_TASK DETAILS:_ The answer must be every line from the entries below that contains "andP".

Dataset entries
------------
Lemma dist_walkb x y : walkb e x y (d x y).
Proof.
have hs := has_walkb x y; have := nth_find 0 hs.
by rewrite has_find size_iota in hs; rewrite nth_iota.
Qed.

Lemma dist_le x y k : walkb e x y k -> d x y <= k.
Proof.
move=> hk; have := has_walkb x y; rewrite has_find size_iota => hlt.
rewrite leqNgt; apply/negP => hk'.
have hkT : k < #|T| by apply: ltn_trans hlt.
by have := before_find 0 hk'; rewrite nth_iota // add0n hk.
Qed.

Lemma dist0 x : d x x = 0.
Proof. by apply/eqP; rewrite -leqn0 dist_le // walkb0. Qed.

Lemma dist_eq0 x y : d x y = 0 -> x = y.
Proof. by move=> h; have := dist_walkb x y; rewrite h walkb0 => /eqP. Qed.

Lemma distC x y : d x y = d y x.
Proof. by apply/eqP; rewrite eqn_leq !dist_le // walkb_sym // dist_walkb. Qed.

Lemma dist_triangle x y z : d x z <= d x y + d y z.
Proof. by apply: dist_le; apply: walkb_cat; apply: dist_walkb. Qed.

Lemma dist_edge x y : e x y -> d x y = 1.
Proof.
move=> exy; apply/eqP; rewrite eqn_leq lt0n; apply/andP; split.
  by apply: dist_le; rewrite walkbS; apply/existsP; exists y; rewrite walkb0 eqxx exy.
by apply/eqP => /dist_eq0 hxy; move: exy; rewrite hxy e_irr.
Qed.

Lemma dist_edgeC x y : e x y -> d y x = 1.
Proof. by rewrite distC; apply: dist_edge. Qed.

Lemma dist1_edge x y : d x y = 1 -> e x y.
Proof.
move=> h; have := dist_walkb x y; rewrite h walkbS => /existsP[z /andP[exz]].
by rewrite walkb0 => /eqP <-.
Qed.

Lemma dist_step x y k : d x y = k.+1 -> exists2 z, e x z & d z y = k.
Proof.
move=> h; have := dist_walkb x y; rewrite h walkbS => /existsP[z /andP[exz hz]].
exists z => //; apply/eqP; rewrite eqn_leq dist_le //=.
by have := dist_triangle x z y; rewrite (dist_edge exz) h; nlia.
Qed.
------------
_SOLVED EXERCISE:_
move=> exy; apply/eqP; rewrite eqn_leq lt0n; apply/andP; split.
move=> h; have := dist_walkb x y; rewrite h walkbS => /existsP[z /andP[exz]].
move=> h; have := dist_walkb x y; rewrite h walkbS => /existsP[z /andP[exz hz]].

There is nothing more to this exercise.